Одновременно Краевский апеллировал к литературной совести москвичей: "...да пришлите и свою лепту в "Современник", подбейте на то Шевырева, Павлова, Языкова, Боратынского; стыдно вам и им будет, если ничего не пришлете в журнал, посвященный памяти Пушкина. Статей чужих у него осталось много, но, разумеется, пойдет в дело самая меньшая часть..." (116, т. 16/18, 722).

Жуковский предполагал, что редакция всех томов "Современника", выходящих в 1837 году, будет коллективной. За каждым томом закреплялся выпускающий, в чьи функции входили "сношения с цензурою, с типографиею, с корректорами и с комиссионером" (78, 22). Первый том - пятый по общему счету - достался Плетневу, три последующих - Краевскому, Одоевскому и Вяземскому. (Жуковский начинал готовить собрание сочинений Пушкина и к тому же должен был сопровождать наследника в летнем путешествии по России.)

В конце февраля Вяземский просил "уступить" ему пятый том (86, 76), впрочем, в техническую работу по пятому тому были втянуты все издатели.
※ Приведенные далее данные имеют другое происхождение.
(* Not all FO-definable transformations are SRT-definable: there exist a linear group $\mathbf{G}$, finite label sets $\Sigma,\Gamma$ and an sMSO $\mathcal{M}=(\Sigma,\Gamma,\mathbf{G},\phi)$ with $\phi$ a first-order sentence such that $[\![\mathcal{M}]\!]\neq[\![\mathcal{S}]\!]$ for every $(\Sigma,\Gamma,\mathbf{G})$-SRT $\mathcal{S}$.
   Context: A linear group is a triple $\mathbf{G}=(D,\leq,+)$ where $D$ is an infinite set, $\leq$ is a total order on $D$, and $(D,+)$ is a group with identity $0$. For finite label sets $\Sigma,\Gamma$, a $(\Sigma,\Gamma,\mathbf{G})$-SRT is a tuple $\mathcal{S}=(Q,q_0,k,R_0,\Delta)$: $Q$ finite set of states, $q_0\in Q$, $k\in\mathbb{N}$ registers, initial values $R_0\in D^k$, transitions $\Delta\subseteq Q\times\Sigma\times\{>,=,<\}^k\times\{\mathsf{old},\mathsf{new},\mathsf{add}\}^k\times\{1,\dots,k\}\times\Gamma\times Q$. A transition $(q,\sigma,l,m,u,\gamma,q')$ enables the step $(q,R)\xrightarrow[(\gamma,d')]{(\sigma,d)}(q',R')$ iff (1) for every $i$, $d>R[i]$, $d=R[i]$ or $d<R[i]$ according as $l[i]$ is $>$, $=$, $<$; (2) $R'[i]=R[i]$, $d$, or $R[i]+d$ according as $m[i]$ is $\mathsf{old}$, $\mathsf{new}$, $\mathsf{add}$; (3) $d'=R'[u]$. A run over $s\in(\Sigma\times D)^*$ of length $n$ generating $t\in(\Gamma\times D)^*$ is a sequence of $n$ enabled steps from $(q_0,R_0)$ reading $s[i]$ and emitting $t[i]$. $s\otimes t$ is the word with $i$-th letter $(s[i],t[i])$; $[\![\mathcal{S}]\!]=\{s\otimes t:\text{there is a run over }s\text{ generating }t\}$. The logic $\mathsf{MSO}(\Sigma,\Gamma,\mathbf{G})$ is interpreted over finite words $V$ over $(\Sigma\times D)\times(\Gamma\times D)$. It has first-order position variables and second-order variables over sets of positions; atomic formulae $x=y$, $x\in X$, $L_\sigma(x)$ (input label at $x$ is $\sigma$), $L_\gamma(x)$ (output label at $x$ is $\gamma$), $S(x,y)$ ($y=x+1$), and $E\leq 0$ where $E$ is built with $+,-$ from $dt_{in}(x)$, $dt_{out}(x)$ (input/output data value at $x$), $sum\_dt_{in}(X)$, $sum\_dt_{out}(X)$ (sums of input/output data values over $X$) and $0$; closed under boolean connectives and first/second-order quantifiers. A first-order formula is one with no set variables. An sMSO is $\mathcal{M}=(\Sigma,\Gamma,\mathbf{G},\phi)$ with $\phi$ a sentence of this logic, and $[\![\mathcal{M}]\!]=\{V: V[0..i]\models\phi\text{ for every }i\}$, $V[0..i]$ denoting the prefix on positions $0,\dots,i$. A transformation is FO-definable if it equals $[\![\mathcal{M}]\!]$ for an sMSO whose sentence is first-order. *)

From mathcomp Require Import all_boot.
Set Implicit Arguments.
Unset Strict Implicit.
Unset Printing Implicit Defensive.

(* A linear group (D, <=, +): D infinite, <= a total order, (D,+) a group
   (not assumed commutative; no compatibility between order and group). *)
Record linear_group := LinearGroup {
  lg_D : Type;
  lg_le : lg_D -> lg_D -> Prop;
  lg_add : lg_D -> lg_D -> lg_D;
  lg_zero : lg_D;
  lg_opp : lg_D -> lg_D;
  lg_infinite : exists f : nat -> lg_D, forall m n, f m = f n -> m = n;
  lg_le_refl : forall x, lg_le x x;
  lg_le_antisym : forall x y, lg_le x y -> lg_le y x -> x = y;
  lg_le_trans : forall x y z, lg_le x y -> lg_le y z -> lg_le x z;
  lg_le_total : forall x y, lg_le x y \/ lg_le y x;
  lg_addA : forall x y z, lg_add x (lg_add y z) = lg_add (lg_add x y) z;
  lg_add0l : forall x, lg_add lg_zero x = x;
  lg_addr0 : forall x, lg_add x lg_zero = x;
  lg_addNl : forall x, lg_add (lg_opp x) x = lg_zero;
  lg_addrN : forall x, lg_add x (lg_opp x) = lg_zero
}.

Definition lg_lt (G : linear_group) (x y : lg_D G) : Prop :=
  lg_le x y /\ x <> y.

Inductive cmp := CGt | CEq | CLt.
Inductive upd := UOld | UNew | UAdd.

Section SRTdef.
Variables (Sigma Gamma : finType) (G : linear_group).

Local Notation D := (lg_D G).

(* registers indexed by 'I_k (i.e. {1,...,k}); Delta is an arbitrary subset
   of the (finite) set Q x Sigma x cmp^k x upd^k x 'I_k x Gamma x Q *)
Record SRT := MkSRT {
  srt_Q : finType;
  srt_q0 : srt_Q;
  srt_k : nat;
  srt_R0 : 'I_srt_k -> D;
  srt_Delta : srt_Q -> Sigma -> ('I_srt_k -> cmp) -> ('I_srt_k -> upd) ->
              'I_srt_k -> Gamma -> srt_Q -> Prop
}.

Definition cmp_holds (c : cmp) (d r : D) : Prop :=
  match c with
  | CGt => lg_lt r d
  | CEq => d = r
  | CLt => lg_lt d r
  end.

Definition upd_val (m : upd) (r d : D) : D :=
  match m with
  | UOld => r
  | UNew => d
  | UAdd => lg_add r d
  end.

Definition srt_step (S : SRT) (q : srt_Q S) (R : 'I_(srt_k S) -> D)
    (sig : Sigma) (d : D) (gam : Gamma) (d' : D)
    (q' : srt_Q S) (R' : 'I_(srt_k S) -> D) : Prop :=
  exists (l : 'I_(srt_k S) -> cmp) (m : 'I_(srt_k S) -> upd) (u : 'I_(srt_k S)),
    srt_Delta q sig l m u gam q' /\
    (forall i, cmp_holds (l i) d (R i)) /\
    (forall i, R' i = upd_val (m i) (R i) d) /\
    d' = R' u.

Fixpoint srt_run_from (S : SRT) (q : srt_Q S) (R : 'I_(srt_k S) -> D)
    (V : seq ((Sigma * D) * (Gamma * D))) : Prop :=
  match V with
  | [::] => True
  | a :: V' => exists (q' : srt_Q S) (R' : 'I_(srt_k S) -> D),
      srt_step q R a.1.1 a.1.2 a.2.1 a.2.2 q' R' /\ srt_run_from q' R' V'
  end.

Definition srt_sem (S : SRT) (V : seq ((Sigma * D) * (Gamma * D))) : Prop :=
  srt_run_from (@srt_q0 S) (@srt_R0 S) V.

End SRTdef.

(* first-order variables and second-order variables are both named by nat,
   in separate namespaces *)
Inductive mterm :=
  | TIn of nat
  | TOut of nat
  | TSumIn of nat
  | TSumOut of nat
  | TZero
  | TAdd of mterm & mterm
  | TSub of mterm & mterm.

Section Logic.
Variables (Sigma Gamma : finType).

Inductive mformula :=
  | FEq of nat & nat
  | FMem of nat & nat
  | FLin of Sigma & nat
  | FLout of Gamma & nat
  | FSucc of nat & nat
  | FLe0 of mterm
  | FNot of mformula
  | FAnd of mformula & mformula
  | FOr of mformula & mformula
  | FEx1 of nat & mformula
  | FAll1 of nat & mformula
  | FEx2 of nat & mformula
  | FAll2 of nat & mformula.

Fixpoint term_scoped (b1 b2 : seq nat) (e : mterm) : bool :=
  match e with
  | TIn x | TOut x => x \in b1
  | TSumIn X | TSumOut X => X \in b2
  | TZero => true
  | TAdd e1 e2 | TSub e1 e2 => term_scoped b1 b2 e1 && term_scoped b1 b2 e2
  end.

Fixpoint scoped (b1 b2 : seq nat) (f : mformula) : bool :=
  match f with
  | FEq x y | FSucc x y => (x \in b1) && (y \in b1)
  | FMem x X => (x \in b1) && (X \in b2)
  | FLin _ x | FLout _ x => x \in b1
  | FLe0 e => term_scoped b1 b2 e
  | FNot f1 => scoped b1 b2 f1
  | FAnd f1 f2 | FOr f1 f2 => scoped b1 b2 f1 && scoped b1 b2 f2
  | FEx1 x f1 | FAll1 x f1 => scoped (x :: b1) b2 f1
  | FEx2 X f1 | FAll2 X f1 => scoped b1 (X :: b2) f1
  end.

Definition is_sentence (f : mformula) : bool := scoped [::] [::] f.

Fixpoint term_FO (e : mterm) : bool :=
  match e with
  | TIn _ | TOut _ | TZero => true
  | TSumIn _ | TSumOut _ => false
  | TAdd e1 e2 | TSub e1 e2 => term_FO e1 && term_FO e2
  end.

Fixpoint is_FO (f : mformula) : bool :=
  match f with
  | FEq _ _ | FLin _ _ | FLout _ _ | FSucc _ _ => true
  | FMem _ _ => false
  | FLe0 e => term_FO e
  | FNot f1 => is_FO f1
  | FAnd f1 f2 | FOr f1 f2 => is_FO f1 && is_FO f2
  | FEx1 _ f1 | FAll1 _ f1 => is_FO f1
  | FEx2 _ _ | FAll2 _ _ => false
  end.

Variable G : linear_group.
Local Notation D := (lg_D G).
Local Notation word := (seq ((Sigma * D) * (Gamma * D))).

Section Sem.
Variable W : word.

Definition dt_in (p : nat) : D := nth (lg_zero G) [seq a.1.2 | a <- W] p.
Definition dt_out (p : nat) : D := nth (lg_zero G) [seq a.2.2 | a <- W] p.

(* sums over the positions of X (in increasing order of positions) *)
Definition sum_over (f : nat -> D) (X : nat -> bool) : D :=
  foldl (fun acc p => lg_add acc (f p)) (lg_zero G)
        [seq p <- iota 0 (size W) | X p].

Fixpoint eval_term (nu1 : nat -> nat) (nu2 : nat -> nat -> bool) (e : mterm) : D :=
  match e with
  | TIn x => dt_in (nu1 x)
  | TOut x => dt_out (nu1 x)
  | TSumIn X => sum_over dt_in (nu2 X)
  | TSumOut X => sum_over dt_out (nu2 X)
  | TZero => lg_zero G
  | TAdd e1 e2 => lg_add (eval_term nu1 nu2 e1) (eval_term nu1 nu2 e2)
  | TSub e1 e2 => lg_add (eval_term nu1 nu2 e1) (lg_opp (eval_term nu1 nu2 e2))
  end.

Definition upd1 (nu : nat -> nat) (x p : nat) : nat -> nat :=
  fun y => if y == x then p else nu y.
Definition upd2 (nu : nat -> nat -> bool) (X : nat) (P : nat -> bool) :=
  fun Y => if Y == X then P else nu Y.

Fixpoint sat (nu1 : nat -> nat) (nu2 : nat -> nat -> bool) (f : mformula) : Prop :=
  match f with
  | FEq x y => nu1 x = nu1 y
  | FMem x X => nu2 X (nu1 x) = true
  | FLin s x => exists a, onth W (nu1 x) = Some a /\ a.1.1 = s
  | FLout g x => exists a, onth W (nu1 x) = Some a /\ a.2.1 = g
  | FSucc x y => nu1 y = (nu1 x).+1
  | FLe0 e => lg_le (eval_term nu1 nu2 e) (lg_zero G)
  | FNot f1 => ~ sat nu1 nu2 f1
  | FAnd f1 f2 => sat nu1 nu2 f1 /\ sat nu1 nu2 f2
  | FOr f1 f2 => sat nu1 nu2 f1 \/ sat nu1 nu2 f2
  | FEx1 x f1 => exists p, p < size W /\ sat (upd1 nu1 x p) nu2 f1
  | FAll1 x f1 => forall p, p < size W -> sat (upd1 nu1 x p) nu2 f1
  (* set quantifiers: only membership of positions 0..size W - 1 matters *)
  | FEx2 X f1 => exists P : nat -> bool, sat nu1 (upd2 nu2 X P) f1
  | FAll2 X f1 => forall P : nat -> bool, sat nu1 (upd2 nu2 X P) f1
  end.
End Sem.

Definition models (W : word) (phi : mformula) : Prop :=
  sat W (fun _ => 0) (fun _ _ => false) phi.

Definition smso_sem (phi : mformula) (V : word) : Prop :=
  forall i, i < size V -> models (take i.+1 V) phi.

End Logic.

(* The sentence [forall x, x = x] defines the universal transformation, which
   pairs every input word with every output word of the same length.  An SRT
   cannot realise it: the data value it emits on the first letter is a register
   after the update, so once the first input value [d] is fixed it is one of
   the finitely many values [R0[i]], [d], [R0[i] + d].  As [D] is infinite,
   some output value is never emitted. *)

From HB Require Import structures.
From mathcomp Require Import all_boot all_order all_algebra.
From Stdlib Require List FinFun Classical_Prop.
Import Order.TTheory GRing.Theory.

Set Implicit Arguments.
Unset Strict Implicit.
Unset Printing Implicit Defensive.

Definition int_linear_group : linear_group.
Proof.
refine (@LinearGroup int (fun x y => x <= y)%R +%R 0%R (fun x => - x)%R
  _ _ _ _ _ _ _ _ _ _).
- by exists Posz => m n [].
- exact: lexx.
- by move=> x y xy yx; apply/le_anti/andP.
- by move=> x y z; apply: le_trans.
- by move=> x y; apply/orP/le_total.
- exact: addrA.
- exact: add0r.
- exact: addr0.
- exact: addNr.
- exact: subrr.
Defined.

Definition upd_code (m : upd) : option bool :=
  match m with UOld => None | UNew => Some false | UAdd => Some true end.

Definition code_upd (c : option bool) : upd :=
  match c with None => UOld | Some false => UNew | Some true => UAdd end.

Lemma upd_codeK : cancel upd_code code_upd. Proof. by case. Qed.

HB.instance Definition _ := Finite.copy upd (can_type upd_codeK).

Lemma In_of_mem (T : eqType) (x : T) (s : seq T) : x \in s -> List.In x s.
Proof.
elim: s => //= y s IHs; rewrite in_cons => /orP[/eqP ->|x_s]; first by left.
by right; apply: IHs.
Qed.

Lemma infinite_not_list (T : Type) (f : nat -> T) (s : list T) :
  injective f -> exists x : T, ~ List.In x s.
Proof.
move=> f_inj; apply: Classical_Prop.NNPP => s_full.
have s_covers : List.incl (List.map f (List.seq 0 (size s).+1)) s.
  move=> x _; apply: Classical_Prop.NNPP => x_notin_s.
  by apply: s_full; exists x.
have := List.NoDup_incl_length
  (FinFun.Injective_map_NoDup f_inj (List.seq_NoDup _ _)) s_covers.
rewrite List.length_map List.length_seq; exact: PeanoNat.Nat.nle_succ_diag_l.
Qed.

Lemma infinite_not_finite_image (A : finType) (T : Type) (f : nat -> T)
    (g : A -> T) :
  injective f -> exists x : T, forall a, g a <> x.
Proof.
move=> f_inj; have [x x_notin_img] := infinite_not_list (List.map g (enum A)) f_inj.
exists x => a gax; apply: x_notin_img; rewrite -gax.
by apply/List.in_map/In_of_mem; rewrite mem_enum.
Qed.

Definition trivial_sentence {Sigma Gamma : finType} : mformula Sigma Gamma :=
  FAll1 0 (FEq Sigma Gamma 0 0).

Lemma smso_sem_trivial (Sigma Gamma : finType) (G : linear_group)
    (V : seq ((Sigma * lg_D G) * (Gamma * lg_D G))) :
  smso_sem trivial_sentence V.
Proof. by []. Qed.

Section FirstOutput.
Variables (Sigma Gamma : finType) (G : linear_group) (S : SRT Sigma Gamma G).

Lemma srt_sem_first_output sig d gam d' V :
  srt_sem S (((sig, d), (gam, d')) :: V) ->
  exists im : 'I_(srt_k S) * upd, d' = upd_val im.2 (srt_R0 im.1) d.
Proof.
case=> _ [R' [[_ [m [u [_ [_ [R'E /= ->]]]]]] _]].
by exists (u, m u); rewrite R'E.
Qed.

Lemma srt_sem_unreachable_output sig d gam :
  exists d', ~ srt_sem S [:: ((sig, d), (gam, d'))].
Proof.
have [f f_inj] := lg_infinite G.
have [d' d'_unreached] := infinite_not_finite_image
  (fun im : 'I_(srt_k S) * upd => upd_val im.2 (srt_R0 im.1) d) f_inj.
exists d' => /srt_sem_first_output[im d'E].
exact: d'_unreached im (esym d'E).
Qed.

End FirstOutput.

Theorem theorem4p3 :
  exists (G : linear_group) (Sigma Gamma : finType) (phi : mformula Sigma Gamma),
    is_FO phi /\ is_sentence phi /\
    forall S : SRT Sigma Gamma G,
      ~ (forall V : seq ((Sigma * lg_D G) * (Gamma * lg_D G)),
           @smso_sem Sigma Gamma G phi V <-> srt_sem S V).
Proof.
exists int_linear_group, unit, unit, trivial_sentence.
split=> //; split=> // S S_defines_phi.
have [d' not_emitted] := srt_sem_unreachable_output S tt (0%R : int) tt.
by apply/not_emitted/S_defines_phi/smso_sem_trivial.
Qed.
Сохранился предварительный план пятого тома, набросанный Жуковским (116, т. 58, 151). Он подвергся некоторой правке (о которой еще будет речь), но поначалу две первые позиции выглядели следующим образом:

"1. О последних минутах Пушк<ина>.

2. Медный всадник. Отрывок".

Осторожность издателей вполне объяснима. Николай I, выказавший щедрость по отношению к семье покойного, велел тщательно цензуровать его посмертные публикации. И Жуковский, уже убедившийся в том, что переделка поэмы не закончена, наверное, наметил в тот момент публикацию некоего связного фрагмента, который в свое время не вызвал замечаний Николая и не должен был смутить петербургских цензоров. Поскольку Вступление к поэме уже публиковалось в "Библиотеке для чтения", отрывок надо было выбирать из Первой или Второй части.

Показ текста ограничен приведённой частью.